We'll take the square root of that to get a standard error.

That standard error, we're going to use a confidence interval.

Let's recognize that what we've just done are sort of step 6, a and b.

A was to compute the element variances within each of the strata, and b was to

combine them with the W sub h squared factor, adding them up across the strata.

All right, there's one more step to this, right?

There's a seventh step about the confidence interval.

This is our way of expressing our uncertainty about estimates.

Taking into account both the mean and that standard error, and

the distributional properties of that mean.

In this case, that mean is going to be normally distributed and

we're going to use that in forming a confidence interval.

So here, our last step 7, the confidence interval,

we're going to do by the same process we did before.

We're going to use the mean plus or minus a margin of error.

But that margin of error is driven by two factors as you recall.

The t-value, we're going to use the t-value here.

Where we're going to cut up the number random events and subtract one, well,

in this case we're going to subtract one in each of the strata, and

then get that t value and use it times the standard error to form that margin of

error before forming the confidence interval.

Now, degrees of freedom.

How many random events are there in our sample?

There are 80.

But, there are 23 in stratum one, and in that particular stratum,

we also computed a mean.

And that mean alters the randomization that's going on there in terms of how many

degrees of freedom we have, how many random events we have.

So, we actually have n sub h 23 minus 1 degrees of freedom from stratum one.

n sub 2 minus 1.

Let's see, that was 15 minus 1, or 14 from stratum 2.

And n sub 3, that was our 42.

And that was 42- 1 or 41 degrees of freedom.

Overall, adding those up, we have n- H.

n, 80- H, 3, or 77 degrees of freedom.

So, we will look up the t value which we've done here which happens to be 1.991.

Not 1.96, that's why we're using the t.

It's a little bit larger because we have some uncertainty about the quality of

each of the S sub h squared.

What we are doing is counting up the stability factors for each for the S sub h

squared and adding them together and using that to pick out the T value.

So, the 95% confidence interval take that t value, times the standard error,

and adds and subtracts it to the mean, and you can see the final result.

Our 95% confidence interval goes from 71.05 to 78.45.

All right, well, that's it.

No, not quite, because we're wondering as in cluster sampling,

how does this relate to simple random sampling?

So let's wrap it up here by talking about design effects and effective sample size.

When we're talking about sampling variances,

what is that variance that we got, that 3.458, whatever it was.

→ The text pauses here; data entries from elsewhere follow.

(* Let $q\in\mathrm{prob}(\{0,1\}^2)$. The set $B:=\{(\pi_1,\chi^{(1)}_{1|1},\chi^{(2)}_{1|1}):(\pi,\chi)\in\Theta_2,\ \mu(\pi,\chi)=q\}$ is nonempty and equals the set of all $(\mathrm{Pr},\mathrm{Se}_1,\mathrm{Se}_2)\in[0,1]^3$ satisfying $-q_{10}\le\mathrm{Pr}(\mathrm{Se}_2-\mathrm{Se}_1)\le q_{01}$, $-q_{00}\le\mathrm{Pr}(\mathrm{Se}_1+\mathrm{Se}_2-1)\le q_{11}$, $\mathrm{Pr}-q_{0+}\le\mathrm{Pr}\,\mathrm{Se}_1\le q_{1+}$, and $\mathrm{Pr}-q_{+0}\le\mathrm{Pr}\,\mathrm{Se}_2\le q_{+1}$.
   Context: A subscript $+$ denotes summation over the replaced index, e.g. $q_{0+}=q_{00}+q_{01}$, $q_{+0}=q_{00}+q_{10}$. $\mathrm{prob}(\mathcal{X})$ is the set of probability densities on a finite set $\mathcal{X}$; $\mathrm{markov}(\mathcal{X},\mathcal{Y})$ the set of maps $(x,y)\mapsto p_{y|x}$ with $p_{\cdot|x}\in\mathrm{prob}(\mathcal{Y})$. $\Theta_2:=\mathrm{prob}(\{0,1\})\times\mathrm{markov}(\{0,1\},\{0,1\}^2)$, $\mu(\pi,\chi)_j:=\sum_{i=0}^1\pi_i\chi_{j|i}$ for $j\in\{0,1\}^2$, $\chi^{(1)}_{\iota|i}:=\chi_{\iota0|i}+\chi_{\iota1|i}$, $\chi^{(2)}_{\iota|i}:=\chi_{0\iota|i}+\chi_{1\iota|i}$. *)

From mathcomp Require Import all_boot all_order all_algebra.
Set Implicit Arguments. Unset Strict Implicit. Unset Printing Implicit Defensive.
Import Order.TTheory GRing.Theory Num.Theory.
Local Open Scope ring_scope.

Definition is_prob (R : numDomainType) (X : finType) (p : X -> R) : Prop :=
  (forall x, 0 <= p x) /\ \sum_(x : X) p x = 1.

Definition is_markov (R : numDomainType) (X Y : finType) (chi : X -> Y -> R) : Prop :=
  forall x, is_prob (chi x).

(* {0,1} is bool (false = 0, true = 1); {0,1}^2 is bool * bool. *)
Definition in_Theta2 (R : numDomainType) (pi : bool -> R) (chi : bool -> bool * bool -> R) : Prop :=
  is_prob pi /\ is_markov chi.

Definition mu (R : numDomainType) (pi : bool -> R) (chi : bool -> bool * bool -> R)
  (j : bool * bool) : R :=
  \sum_(i : bool) pi i * chi i j.

Definition chi1 (R : numDomainType) (chi : bool -> bool * bool -> R) (iota i : bool) : R :=
  chi i (iota, false) + chi i (iota, true).

Definition chi2 (R : numDomainType) (chi : bool -> bool * bool -> R) (iota i : bool) : R :=
  chi i (false, iota) + chi i (true, iota).

Definition setB (R : numDomainType) (q : bool * bool -> R) (t : R * R * R) : Prop :=
  exists pi chi, in_Theta2 pi chi /\ (forall j, mu pi chi j = q j) /\
    t = (pi true, chi1 chi true true, chi2 chi true true).

Definition in_box (R : numDomainType) (q : bool * bool -> R) (t : R * R * R) : Prop :=
  let: (Pr, Se1, Se2) := t in
  let q00 := q (false, false) in let q01 := q (false, true) in
  let q10 := q (true, false) in let q11 := q (true, true) in
  (0 <= Pr <= 1) /\ (0 <= Se1 <= 1) /\ (0 <= Se2 <= 1) /\
  (- q10 <= Pr * (Se2 - Se1) <= q01) /\
  (- q00 <= Pr * (Se1 + Se2 - 1) <= q11) /\
  (Pr - (q00 + q01) <= Pr * Se1 <= q10 + q11) /\
  (Pr - (q00 + q10) <= Pr * Se2 <= q01 + q11).

From mathcomp Require Import all_boot all_order all_algebra.
From mathcomp Require Import ring lra.
Set Implicit Arguments.
Unset Strict Implicit.
Unset Printing Implicit Defensive.
Import Order.TTheory GRing.Theory Num.Theory.
Local Open Scope ring_scope.

(* Write q = Pr * a + (1 - Pr) * b, where a and b are the joint laws of the
   two test results given the two states.  A law a with Pr * a <= q can be
   completed to such a mixture, and a law on {0,1}^2 with marginals Se1, Se2
   is determined by its mass T at (1,1), which ranges over
   [max(0, Se1 + Se2 - 1), min(Se1, Se2)].  So Pr, Se1, Se2 are attained iff
   one number T satisfies four lower and four upper bounds, and after scaling
   by Pr the pairwise comparisons of these bounds are the inequalities of the
   statement. *)

Lemma sum_pair_bool (V : nmodType) (F : bool * bool -> V) :
  \sum_(j : bool * bool) F j =
  F (false, false) + F (false, true) + F (true, false) + F (true, true).
Proof.
rewrite (eq_bigr (fun j => F (j.1, j.2))); last by case.
by rewrite -(pair_big xpredT xpredT (fun i k => F (i, k))) /= !big_bool /= addrC
  (addrC (F (false, true))) (addrC (F (true, true))) !addrA.
Qed.

Section Mixtures.
Variables (R : realFieldType) (X : finType).

Lemma mixture_decomposition (q a : X -> R) (P : R) :
  is_prob q -> is_prob a -> 0 <= P <= 1 ->
  (exists b, is_prob b /\ forall x, P * a x + (1 - P) * b x = q x) <->
  (forall x, P * a x <= q x).
Proof.
move=> [q_ge0 q_sum] [a_ge0 a_sum] /andP[P_ge0 P_le1]; split.
  move=> [b [[b_ge0 _] mix]] x; rewrite -mix lerDl.
  by rewrite mulr_ge0 ?subr_ge0.
move=> Pa_le_q; have [P1|P_neq1] := eqVneq P 1.
  rewrite P1 in Pa_le_q *.
  have a_eq_q x : a x = q x.
    have sum_diff0 : \sum_x (q x - a x) = 0 by rewrite sumrB q_sum a_sum subrr.
    have diff_ge0 y : true -> 0 <= q y - a y.
      by rewrite subr_ge0 -[a y]mul1r => _; apply: Pa_le_q.
    have /eqP := psumr_eq0P diff_ge0 sum_diff0 (i := x) isT.
    by rewrite subr_eq0 eq_sym => /eqP.
  by exists q; split=> [|x]; [split | rewrite subrr mul0r addr0 mul1r a_eq_q].
have nP_gt0 : 0 < 1 - P by rewrite subr_gt0 lt_neqAle P_neq1.
exists (fun x => (q x - P * a x) / (1 - P)); split; last first.
  by move=> x; rewrite [(1 - P) * _]mulrC divfK ?gt_eqF // addrC subrK.
split=> [x|]; first by rewrite /= divr_ge0 ?subr_ge0 ?Pa_le_q.
rewrite /= -mulr_suml sumrB -mulr_sumr q_sum a_sum mulr1 divff //.
by rewrite gt_eqF.
Qed.

End Mixtures.

Lemma scaled_between (R : realFieldType) (P L U l u : R) :
  0 <= P -> L <= U -> l <= u -> l <= P * U -> P * L <= u ->
  exists2 T, L <= T <= U & l <= P * T <= u.
Proof.
move=> P_ge0 LU lu lPU PLu; have [P0|P_neq0] := eqVneq P 0.
  move: lPU PLu; rewrite P0 !mul0r => l_le0 u_ge0.
  by exists L; rewrite ?lexx ?LU ?mul0r ?l_le0 ?u_ge0.
have P_gt0 : 0 < P by rewrite lt_neqAle eq_sym P_neq0.
(* P * T is the least admissible value max (P * L) l. *)
exists (Num.max (P * L) l / P).
  rewrite ler_pdivlMr // ler_pdivrMr // ![_ * P]mulrC le_max lexx ge_max.
  by rewrite ler_wpM2l.
by rewrite mulrC divfK ?gt_eqF // le_max lexx orbT ge_max PLu.
Qed.

Section TwoTests.
Variable R : realFieldType.

Definition bool_coupling (S1 S2 T : R) (j : bool * bool) : R :=
  match j with
  | (true, true) => T
  | (true, false) => S1 - T
  | (false, true) => S2 - T
  | (false, false) => 1 - S1 - S2 + T
  end.

Lemma sum_bool_coupling (S1 S2 T : R) : \sum_j bool_coupling S1 S2 T j = 1.
Proof. by rewrite sum_pair_bool /=; ring. Qed.

Lemma bool_couplingE (a : bool * bool -> R) : \sum_j a j = 1 ->
  a =1 bool_coupling (a (true, false) + a (true, true))
                     (a (false, true) + a (true, true)) (a (true, true)).
Proof. by rewrite sum_pair_bool => a_sum [[] []] /=; lra. Qed.

Definition coupling_feasible (q : bool * bool -> R) (P S1 S2 : R) : Prop :=
  0 <= P <= 1 /\ exists T, forall j,
    0 <= bool_coupling S1 S2 T j /\ P * bool_coupling S1 S2 T j <= q j.

Lemma setB_coupling (q : bool * bool -> R) (P S1 S2 : R) : is_prob q ->
  setB q (P, S1, S2) <-> coupling_feasible q P S1 S2.
Proof.
move=> q_prob; split.
  move=> [pi [chi [[[pi_ge0 pi_sum] chi_prob] [mu_q [-> -> ->]]]]].
  rewrite big_bool /= in pi_sum.
  have pi0 : pi false = 1 - pi true by rewrite -pi_sum addrAC subrr add0r.
  have [a_ge0 a_sum] := chi_prob true.
  have P01 : 0 <= pi true <= 1 by rewrite pi_ge0 -pi_sum lerDl pi_ge0.
  split=> //; exists (chi true (true, true)) => j.
  rewrite /chi1 /chi2 -(bool_couplingE a_sum) a_ge0; split=> //.
  apply: (mixture_decomposition q_prob (chi_prob true) P01).1 j.
  exists (chi false); split=> [|x]; first exact: chi_prob.
  by rewrite -pi0 -mu_q /mu big_bool.
move=> [P01 [T cT]]; set c := bool_coupling S1 S2 T in cT *.
have c_prob : is_prob c by split=> [j|]; [case: (cT j) | exact: sum_bool_coupling].
have [|b [b_prob mix]] := (mixture_decomposition q_prob c_prob P01).2.
  by move=> j; case: (cT j).
exists (fun i => if i then P else 1 - P), (fun i => if i then c else b).
split; [split; [split|] | split].
- by case; rewrite ?subr_ge0; case/andP: P01.
- by rewrite big_bool /= addrC subrK.
- by case.
- by move=> j; rewrite /mu big_bool; apply: mix.
- by congr (_, _, _); rewrite /chi1 /chi2 /= subrK.
Qed.

Lemma in_box_coupling (q : bool * bool -> R) (P S1 S2 : R) :
  (forall j, 0 <= q j) ->
  in_box q (P, S1, S2) <-> coupling_feasible q P S1 S2.
Proof.
move=> q_ge0; split; last first.
  move=> [/andP[P_ge0 P_le1] [T cT]].
  have Pc_ge0 j : 0 <= P * bool_coupling S1 S2 T j by rewrite mulr_ge0 ?(cT j).1.
  have := (cT (false, false), cT (false, true), cT (true, false), cT (true, true)).
  have := (Pc_ge0 (false, false), Pc_ge0 (false, true), Pc_ge0 (true, false),
    Pc_ge0 (true, true)) => /=.
  move=> [[[n00 n01] n10] n11] [[[[c00 m00] [c01 m01]] [c10 m10]] [c11 m11]].
  by rewrite /in_box P_ge0 P_le1; repeat split; try (apply/andP; split); lra.
move=> [/andP[P_ge0 P_le1] [/andP[S1_ge0 S1_le1] [/andP[S2_ge0 S2_le1]
  [/andP[diff_lo diff_hi] [/andP[sum_lo sum_hi] [/andP[PS1_lo PS1_hi]
  /andP[PS2_lo PS2_hi]]]]]]].
have := (q_ge0 (false, false), q_ge0 (false, true),
  q_ge0 (true, false), q_ge0 (true, true)) => -[[[q00 q01] q10] q11].
have [T LTU lPTu] : exists2 T,
    Num.max 0 (S1 + S2 - 1) <= T <= Num.min S1 S2 &
    Num.max (P * S1 - q (true, false)) (P * S2 - q (false, true)) <= P * T <=
    Num.min (q (true, true)) (q (false, false) - P + P * S1 + P * S2).
  apply: scaled_between; rewrite ?maxr_pMr ?minr_pMr // !(ge_max, le_min) ?mulr0;
  by repeat (apply/andP; split); lra.
move: LTU lPTu; rewrite !(ge_max, le_min).
move=> /and3P[/andP[T_ge0 T_ge] T_le1 T_le2] /and3P[/andP[PT_ge1 PT_ge2] PT_le1 PT_le2].
split; first by rewrite P_ge0.
by exists T => -[[] []] /=; split; lra.
Qed.

End TwoTests.

Theorem lemma4 (R : realFieldType) (q : bool * bool -> R) (hq : is_prob q) :
  (exists t, setB q t) /\ (forall t : R * R * R, setB q t <-> in_box q t).
Proof.
have [q_ge0 _] := hq.
split=> [|[[P S1] S2]]; last by rewrite setB_coupling // in_box_coupling.
exists (0, 0, 0); apply/setB_coupling => //; split; first by rewrite lexx ler01.
by exists 0 => j; rewrite mul0r; split; [case: j => [[] []] /=; lra | exact: q_ge0].
Qed.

And how does it relate to what we would've had for

a simple random sample of the same size, ie, what's the design effect, or deff.

For a simple random sample then,

the denominator is what we're lacking right now.

We're going to take that same data and

treat it as though it's a simple random sample.

It's not, it's 80 cases drawn from a random stratified sample.

We're going to treat it incorrectly.

To calculate and estimate the variance of the mean.

And from a separate calculation, we have to calculate s squared.

We know f, we know the sampling fraction, but we don't know the s squared, we're

going to take the 80 values and compute a s squared and here you see it's 647.8.

And so now what we've got for a sample of size 80 from a population of 400.

That's a sampling fraction of 0.2.

Our sampling variance of the mean under sample line of sampling is 6.478.

That's what we're going to then compare.

It's going to end up being in the denominator of our comparison

where we're taking these actual sampling variance 3.453.

I'm sorry I misspoke that before, divided by 6.478.

Now, this is the opposite of cluster sampling.

We now a design effect less than one.

Here, with proportionate allocation and

the particular circumstances we have in terms of the differences of the means

across the groups, we have a reduction in variance,

by the simple expedient of using auxiliary information in our sample design.

As a matter of fact, it's a pretty big one.

It's a 47% reduction in sampling variance.